The RBA delivered a “shock” rate cut yesterday afternoon, apparently, due to the latest CPI data signalling “deflation”. At least those were the mass market headlines.
Actually it was a 50-50 chance, and it is clear from Glenn Stevens’ statement the disinflation experienced in the March quarter concerned the board enough to make the move:
“Inflation has been quite low for some time and recent data were unexpectedly low. While the quarterly data contain some temporary factors, these results, together with ongoing very subdued growth in labour costs and very low cost pressures elsewhere in the world, point to a lower outlook for inflation than previously forecast.”
Media commentators may now like to go and look up the definition of deflation.
The statement again made a passing reference to a strong Aussie dollar potentially “complicating” Australia’s economic transition but “remarkably” accommodative monetary policy around the world was clearly a factor behind cutting. And “critical” to the decision was the impact felt in housing investment by tighter lending regulations, which provided the central bank with sufficient breathing space.

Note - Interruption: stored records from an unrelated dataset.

(* Let $q$ be a prime power, $l\ge1$, $t=q^l$, and let $i$ be an integer with $1\le i<q-1$. Let $G_1(x)=x^{t-1}+1$, $G_2(x)=x^t+x$, and $L_1^*=\{\alpha\in GF(t^2):\ \alpha\neq0,\ G_1(\alpha)\ne0\}=\{\alpha_1,\dots,\alpha_{n}\}$. Let $H_1^{*(i)}$ be the $i(t-1)\times n$ matrix with entries $\alpha_k^s/G_1(\alpha_k)^i$ ($s=0,\dots,i(t-1)-1$, $k=1,\dots,n$). Then the matrix obtained by placing the row $\big(1/G_2(\alpha_1)^i,\dots,1/G_2(\alpha_n)^i\big)$ on top of $H_1^{*(i)}$ is a parity-check matrix of $\Gamma_2^{(i)}=\Gamma(L_1^*,G_2^i)$; that is, $\Gamma_2^{(i)}=\{c\in\Gamma_1^{*(i)}:\ \sum_{k}c_k/G_2(\alpha_k)^i=0\}$ where $\Gamma_1^{*(i)}=\Gamma(L_1^*,G_1^i)$, and the entries $1/G_2(\alpha_k)^i$ all lie in $GF(t)$.
   Context: For a set $L=\{\alpha_1,\dots,\alpha_n\}$ of distinct elements of $GF(t^2)$ and $P\in GF(t^2)[x]$ with $P(\alpha_k)\neq0$ for all $k$, the $q$-ary Goppa code is $\Gamma(L,P)=\{c\in GF(q)^n:\ \sum_k c_k\alpha_k^s/P(\alpha_k)=0 \text{ for } s=0,\dots,\deg P-1\}$. A matrix $H$ over $GF(t^2)$ is a parity-check matrix of a $q$-ary code $C$ if $C=\{c\in GF(q)^n: cH^T=0\}$. *)

From HB Require Import structures.
From mathcomp Require Import all_boot all_order all_algebra all_field.
Set Implicit Arguments. Unset Strict Implicit. Unset Printing Implicit Defensive.
Import GRing.Theory.
Local Open Scope ring_scope.

(* GF(q) inside a finite field F is the set of roots of x^q - x. *)
Definition in_GF (F : fieldType) (q : nat) (x : F) : bool := x ^+ q == x.

Definition goppa_code (F : fieldType) (q : nat) (L : seq F) (P : {poly F})
  (c : 'rV[F]_(size L)) : bool :=
  [forall j, in_GF q (c 0 j)] &&
  [forall s : 'I_(size P).-1,
      \sum_(k < size L) c 0 k * L`_k ^+ s / P.[L`_k] == 0].

Definition parity_check (F : fieldType) (q m n : nat) (H : 'M[F]_(m, n))
  (C : pred 'rV[F]_n) : Prop :=
  forall c : 'rV[F]_n, C c = [forall j, in_GF q (c 0 j)] && (c *m H^T == 0).

Definition prime_power (q : nat) : Prop :=
  exists p k : nat, [/\ prime p, (0 < k)%N & q = (p ^ k)%N].

Definition G1 (F : fieldType) (t : nat) : {poly F} := 'X^(t.-1) + 1.
Definition G2 (F : fieldType) (t : nat) : {poly F} := 'X^t + 'X.

(* L_1^* = {alpha in GF(t^2) : alpha <> 0, G1(alpha) <> 0}, listed in the
   (fixed) enumeration order of F. *)
Definition L1star (F : finFieldType) (t : nat) : seq F :=
  [seq a <- enum F | (a != 0) && ((G1 F t).[a] != 0)].

Definition H1star (F : finFieldType) (t i : nat) :
  'M[F]_((i * t.-1)%N, size (L1star F t)) :=
  \matrix_(s, k) ((L1star F t)`_k ^+ s / (G1 F t).[(L1star F t)`_k] ^+ i).

Definition G2row (F : finFieldType) (t i : nat) : 'rV[F]_(size (L1star F t)) :=
  \row_k ((G2 F t).[(L1star F t)`_k] ^+ i)^-1.

Definition H2 (F : finFieldType) (t i : nat) :
  'M[F]_(1 + i * t.-1, size (L1star F t)) :=
  col_mx (G2row F t i) (H1star F t i).

Arguments goppa_code {F} q L P c.
Arguments parity_check {F} q {m n} H C.

(* On L1* we have G2(a) = a G1(a), so for s >= i the s-th syndrome of G2^i is the
   (s - i)-th syndrome of G1^i; the case s = 0 is the extra row.  For 0 < s < i the
   Frobenius x |-> x^t fixes the c_k and the values G2(a) (they lie in GF(t)), and maps
   a^s / G2(a)^i to a^(st - i) / G1(a)^i because G1(a)^t = G1(a) / a^(t-1) when a^(t^2) = a;
   so these syndromes are Frobenius images of syndromes of G1^i with index st - i < i(t-1). *)
From HB Require Import structures.
From mathcomp Require Import all_boot all_order all_algebra all_field.
From mathcomp Require Import zify ring.
Set Implicit Arguments. Unset Strict Implicit. Unset Printing Implicit Defensive.
Import GRing.Theory.
Local Open Scope ring_scope.

Definition goppa_syndrome (F : fieldType) (L : seq F) (P : {poly F})
    (c : 'rV[F]_(size L)) (s : nat) : F :=
  \sum_(k < size L) c 0 k * L`_k ^+ s / P.[L`_k].
Arguments goppa_syndrome {F} L P c s.

Lemma goppaP (F : fieldType) q (L : seq F) (P : {poly F}) (c : 'rV[F]_(size L)) :
  reflect ((forall j, in_GF q (c 0 j)) /\
           (forall s, (s < (size P).-1)%N -> goppa_syndrome L P c s = 0))
          (goppa_code q L P c).
Proof.
apply: (iffP andP) => [[/forallP GFc /forallP syn0] | [GFc syn0]].
  by split=> // s lt_s; apply/eqP/(syn0 (Ordinal lt_s)).
by split; apply/forallP => // s; apply/eqP/syn0.
Qed.

Lemma in_GF_expn (F : fieldType) q l (x : F) : in_GF q x -> in_GF (q ^ l) x.
Proof.
move=> /eqP xq; apply/eqP; elim: l => [|l IHl]; first by rewrite expr1.
by rewrite expnSr exprM IHl.
Qed.

Lemma mulmx_tr_eq0 (R : pzRingType) m n (c : 'rV[R]_n) (H : 'M[R]_(m, n)) :
  (c *m H^T == 0) = [forall s, \sum_k c 0 k * H s k == 0].
Proof.
have cHE s : (c *m H^T) 0 s = \sum_k c 0 k * H s k.
  by rewrite mxE; apply: eq_bigr => k _; rewrite mxE.
apply/eqP/forallP => [cH0 s | syn0]; first by rewrite -cHE cH0 mxE.
by apply/rowP => s; rewrite cHE mxE; apply/eqP.
Qed.

Lemma mulmx_tr_row_eq0 (R : pzRingType) n (c r : 'rV[R]_n) :
  (c *m r^T == 0) = (\sum_k c 0 k * r 0 k == 0).
Proof.
rewrite mulmx_tr_eq0; apply/forallP/idP => [/(_ 0) // | syn0 s].
by rewrite ord1.
Qed.

Lemma goppa_parity_check (F : fieldType) q (L : seq F) (P : {poly F}) m
    (H : 'M[F]_(m, size L)) :
  m = (size P).-1 -> (forall s k, H s k = L`_k ^+ s / P.[L`_k]) ->
  parity_check q H (goppa_code q L P).
Proof.
move=> m_eq HE c; rewrite mulmx_tr_eq0; congr (_ && _); subst m.
have synE s : \sum_k c 0 k * H s k = \sum_k c 0 k * L`_k ^+ s / P.[L`_k].
  by apply: eq_bigr => k _; rewrite HE mulrA.
by apply/forallP/forallP => syn0 s; [rewrite synE | rewrite -synE]; apply: syn0.
Qed.

Lemma parity_check_col_mx (F : fieldType) q m n (r : 'rV[F]_n) (H : 'M[F]_(m, n))
    (C C' : pred 'rV[F]_n) :
  parity_check q H C -> (forall c, C' c = C c && (c *m r^T == 0)) ->
  parity_check q (col_mx r H) C'.
Proof.
move=> HC C'E c; rewrite C'E HC tr_col_mx mul_mx_row row_mx_eq0.
by rewrite -andbA [X in _ && X]andbC.
Qed.

Lemma pchar_nat_prime_power (F : finFieldType) (p k m : nat) :
  prime p -> #|F| = (p ^ m)%N -> [pchar F].-nat (p ^ k)%N.
Proof.
move=> p_pr cardF; rewrite pnatX pnatE //.
by rewrite (card_finPcharP cardF p_pr).
Qed.

Section FieldOfOrderTSquared.

Variables (F : finFieldType) (t : nat).
Hypothesis t_pchar : [pchar F].-nat t.
Hypothesis cardF : #|F| = (t ^ 2)%N.
Hypothesis t_gt1 : (1 < t)%N.

Local Notation L := (L1star F t).

Lemma frobeniusD (x y : F) : (x + y) ^+ t = x ^+ t + y ^+ t.
Proof. exact: exprDn_pchar. Qed.

Lemma frobenius_sum n (f : 'I_n -> F) : (\sum_j f j) ^+ t = \sum_j f j ^+ t.
Proof.
apply: (big_morph (fun x : F => x ^+ t)); first exact: frobeniusD.
by rewrite expr0n gtn_eqF // ltnW.
Qed.

Lemma frobenius_eq0 (x : F) : (x ^+ t == 0) = (x == 0).
Proof. by rewrite expf_eq0; case: eqP => //; lia. Qed.

Lemma exprtt (x : F) : x ^+ (t * t) = x.
Proof. by rewrite mulnn -cardF expf_card. Qed.

Lemma hornerG1 (a : F) : (G1 F t).[a] = a ^+ t.-1 + 1.
Proof. by rewrite /G1 !hornerE. Qed.

Lemma hornerG2 (a : F) : (G2 F t).[a] = a * (G1 F t).[a].
Proof. by rewrite /G2 hornerG1 !hornerE mulrDr mulr1 -exprS prednK //; lia. Qed.

Lemma size_G1_exp i : (size (G1 F t ^+ i)).-1 = (i * t.-1)%N.
Proof. by rewrite size_exp /G1 -polyC1 size_XnaddC /=; lia. Qed.

Lemma size_G2_exp i : (size (G2 F t ^+ i)).-1 = (i * t)%N.
Proof. by rewrite size_exp /G2 size_polyDl ?size_polyXn ?size_polyX /=; lia. Qed.

Lemma G2_frobenius (a : F) : (G2 F t).[a] ^+ t = (G2 F t).[a].
Proof. by rewrite /G2 !hornerE frobeniusD -exprM exprtt addrC. Qed.

Lemma G2_exp_inv_in_GF i (a : F) : in_GF t (((G2 F t).[a] ^+ i)^-1).
Proof. by rewrite /in_GF exprVn -exprM mulnC exprM G2_frobenius. Qed.

Lemma G1_frobenius (a : F) : a != 0 -> a ^+ t.-1 * (G1 F t).[a] ^+ t = (G1 F t).[a].
Proof.
move=> a0; rewrite hornerG1 frobeniusD expr1n -exprM mulrDr mulr1 -exprD addrC.
congr (_ + _); apply: (mulIf a0); rewrite mul1r -exprSr.
have -> : (t.-1 + t.-1 * t).+1 = (t * t)%N by nia.
exact: exprtt.
Qed.

Lemma mem_L1star (a : F) : (a \in L) = (a != 0) && ((G1 F t).[a] != 0).
Proof. by rewrite mem_filter mem_enum andbT. Qed.

Lemma L1star_nth (k : 'I_(size L)) : L`_k != 0 /\ (G1 F t).[L`_k] != 0.
Proof. by apply/andP; rewrite -mem_L1star mem_nth. Qed.

Section Syndromes.

Variables (i : nat) (c : 'rV[F]_(size L)).

Lemma syndrome_G2_exp_shift s :
  goppa_syndrome L (G2 F t ^+ i) c (s + i) = goppa_syndrome L (G1 F t ^+ i) c s.
Proof.
apply: eq_bigr => k _; have [a0 G1a0] := L1star_nth k.
rewrite !horner_exp hornerG2 exprMn exprD.
by field; rewrite ?expf_neq0 ?mulf_neq0.
Qed.

Lemma syndrome_G2_exp_0 :
  goppa_syndrome L (G2 F t ^+ i) c 0 = \sum_k c 0 k / (G2 F t).[L`_k] ^+ i.
Proof. by apply: eq_bigr => k _; rewrite expr0 mulr1 horner_exp. Qed.

Lemma syndrome_G2_exp_frobenius s :
  (forall k, c 0 k ^+ t = c 0 k) -> (i <= s * t)%N ->
  goppa_syndrome L (G2 F t ^+ i) c s ^+ t =
  goppa_syndrome L (G1 F t ^+ i) c (s * t - i).
Proof.
move=> ct i_le; rewrite frobenius_sum; apply: eq_bigr => k _.
have [a0 G1a0] := L1star_nth k; set a := L`_k.
have G1iE : (G1 F t).[a] ^+ i = a ^+ (i * t.-1) * (G1 F t).[a] ^+ (i * t).
  by rewrite -{1}(G1_frobenius a0) exprMn -!exprM mulnC [(t * i)%N]mulnC.
rewrite !horner_exp hornerG2 G1iE !exprMn exprVn !exprMn -!exprM ct.
have -> : (i * t = i * t.-1 + i)%N by nia.
rewrite -{1}(subnK i_le) !exprD.
by field; rewrite ?expf_neq0 ?mulf_neq0.
Qed.

End Syndromes.

Variables (q i : nat).
Hypothesis GFq_GFt : forall x : F, in_GF q x -> in_GF t x.
Hypotheses (i_gt0 : (0 < i)%N) (i_lt_t : (i < t)%N).

Lemma goppa_G2_exp (c : 'rV[F]_(size L)) :
  goppa_code q L (G2 F t ^+ i) c =
  goppa_code q L (G1 F t ^+ i) c && (goppa_syndrome L (G2 F t ^+ i) c 0 == 0).
Proof.
apply/goppaP/andP; rewrite size_G2_exp.
  move=> [GFc syn0]; split; last by apply/eqP/syn0; nia.
  apply/goppaP; split=> // s; rewrite size_G1_exp => lt_s.
  by rewrite -syndrome_G2_exp_shift syn0 //; nia.
case=> /goppaP[GFc]; rewrite size_G1_exp => syn0 /eqP syn00; split=> // s lt_s.
have [s_lt_i | i_le_s] := ltnP s i; last first.
  by rewrite -(subnK i_le_s) syndrome_G2_exp_shift syn0 //; nia.
have [-> // | s_gt0] := posnP s.
have ct k : c 0 k ^+ t = c 0 k by apply/eqP/GFq_GFt/GFc.
apply/eqP; rewrite -frobenius_eq0 syndrome_G2_exp_frobenius //; last by nia.
by rewrite syn0 //; nia.
Qed.

End FieldOfOrderTSquared.

Theorem lemma4 (F : finFieldType) (q l t i : nat) :
  prime_power q -> (1 <= l)%N -> t = (q ^ l)%N -> #|F| = (t ^ 2)%N ->
  (1 <= i)%N -> (i < q - 1)%N ->
  [/\ parity_check q (H2 F t i)
        (goppa_code q (L1star F t) (G2 F t ^+ i)),
      (forall c : 'rV[F]_(size (L1star F t)),
         goppa_code q (L1star F t) (G2 F t ^+ i) c =
         goppa_code q (L1star F t) (G1 F t ^+ i) c &&
         (\sum_(k < size (L1star F t))
             c 0 k / (G2 F t).[(L1star F t)`_k] ^+ i == 0))
    & (forall k : 'I_(size (L1star F t)),
         in_GF t (((G2 F t).[(L1star F t)`_k] ^+ i)^-1))].
Proof.
move=> [p [k [p_pr k_gt0 q_def]]] l_gt0 t_def cardF i_gt0 i_lt_q.
have q_le_t : (q <= t)%N.
  by rewrite t_def -{1}(expn1 q) leq_pexp2l // q_def expn_gt0 prime_gt0.
have i_lt_t : (i < t)%N by lia.
have t_gt1 : (1 < t)%N by lia.
have t_pchar : [pchar F].-nat t.
  rewrite t_def q_def -expnM; apply: pchar_nat_prime_power p_pr _.
  by rewrite cardF t_def q_def -!expnM.
have GFq_GFt (x : F) : in_GF q x -> in_GF t x by rewrite t_def; apply: in_GF_expn.
have Gamma2E c : goppa_code q (L1star F t) (G2 F t ^+ i) c =
    goppa_code q (L1star F t) (G1 F t ^+ i) c &&
    (\sum_(k < size (L1star F t)) c 0 k / (G2 F t).[(L1star F t)`_k] ^+ i == 0).
  by rewrite (goppa_G2_exp t_pchar cardF t_gt1 GFq_GFt i_gt0 i_lt_t) syndrome_G2_exp_0.
have Gamma1_H1 : parity_check q (H1star F t i) (goppa_code q (L1star F t) (G1 F t ^+ i)).
  by apply: goppa_parity_check => [|s j]; rewrite ?size_G1_exp // mxE horner_exp.
split=> // [|j]; last exact: G2_exp_inv_in_GF.
rewrite /H2; apply: parity_check_col_mx Gamma1_H1 _ => c.
rewrite Gamma2E mulmx_tr_row_eq0; apply: andb_id2l => _.
by under [in RHS]eq_bigr do rewrite mxE.
Qed.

And didn’t the stock market love it.
Before the opening bell, ANZ Bank ((ANZ)) posted its first drop in profit since the GFC and cut its dividend. Computers sold down the stock 4% from the open. But very quickly the banks, including ANZ, were back in the green. We might put this down to (a) they were all sold off the day before, (b) ANZ’s dividend cut was not totally unexpected, (c) the market is positive on ANZ’s restructure and more prudent approach, and (d), short positions in the banks were the highest they’ve been since 2011 heading into this week.
By late morning the ASX200 was up 50 points, with buying in the banks a significant driver. The market then settled and waited. At 2.30pm, bang!
Zeroes one day, heroes the next. The ultimate 3% jump in the financials index yesterday was the major driver of the 2% rise for the index. The interesting point here is that in order to make money, banks need interest rates to go up, not down. But lower rates do take the pressure off the recent rise in bad debts which has impacted on bank earnings.
Other sector moves were more straight forward. The yielders, telcos and utilities, and consumer discretionary, which benefits from more money in punters’ pockets, each rose over 2%. The offshore earners, which benefit from a lower Aussie, drove healthcare and industrials up over 2%. The cut is a mild positive for consumer staples, which rose 1%, while the resources sectors watched from the sidelines. Energy was actually down 0.7% on a lower oil price.
And how about that Aussie? Over 24 hours it’s down a full 1.8 cents to US$0.7485 having experienced a two-step plunge. The first cent was on the rate cut, while the balance was a result of the US dollar having a much anticipated rebound last night.
But now that the euphoria has subsided, how will Bridge Street far today? The SPI Overnight is down 63 points. Oil is down, iron ore is down, base metals are down and Wall Street is down.
At least last night’s pre-election “safety” budget will have little impact.
Aussies in the mix
Nobody much noticed on Bridge Street yesterday but Caixin’s China manufacturing PMI for April showed a drop to 49.4 from 49.7 in March when 49.8 was forecast. Wall Street noticed, and China was on the list of concerns that sent the US indices lower last night.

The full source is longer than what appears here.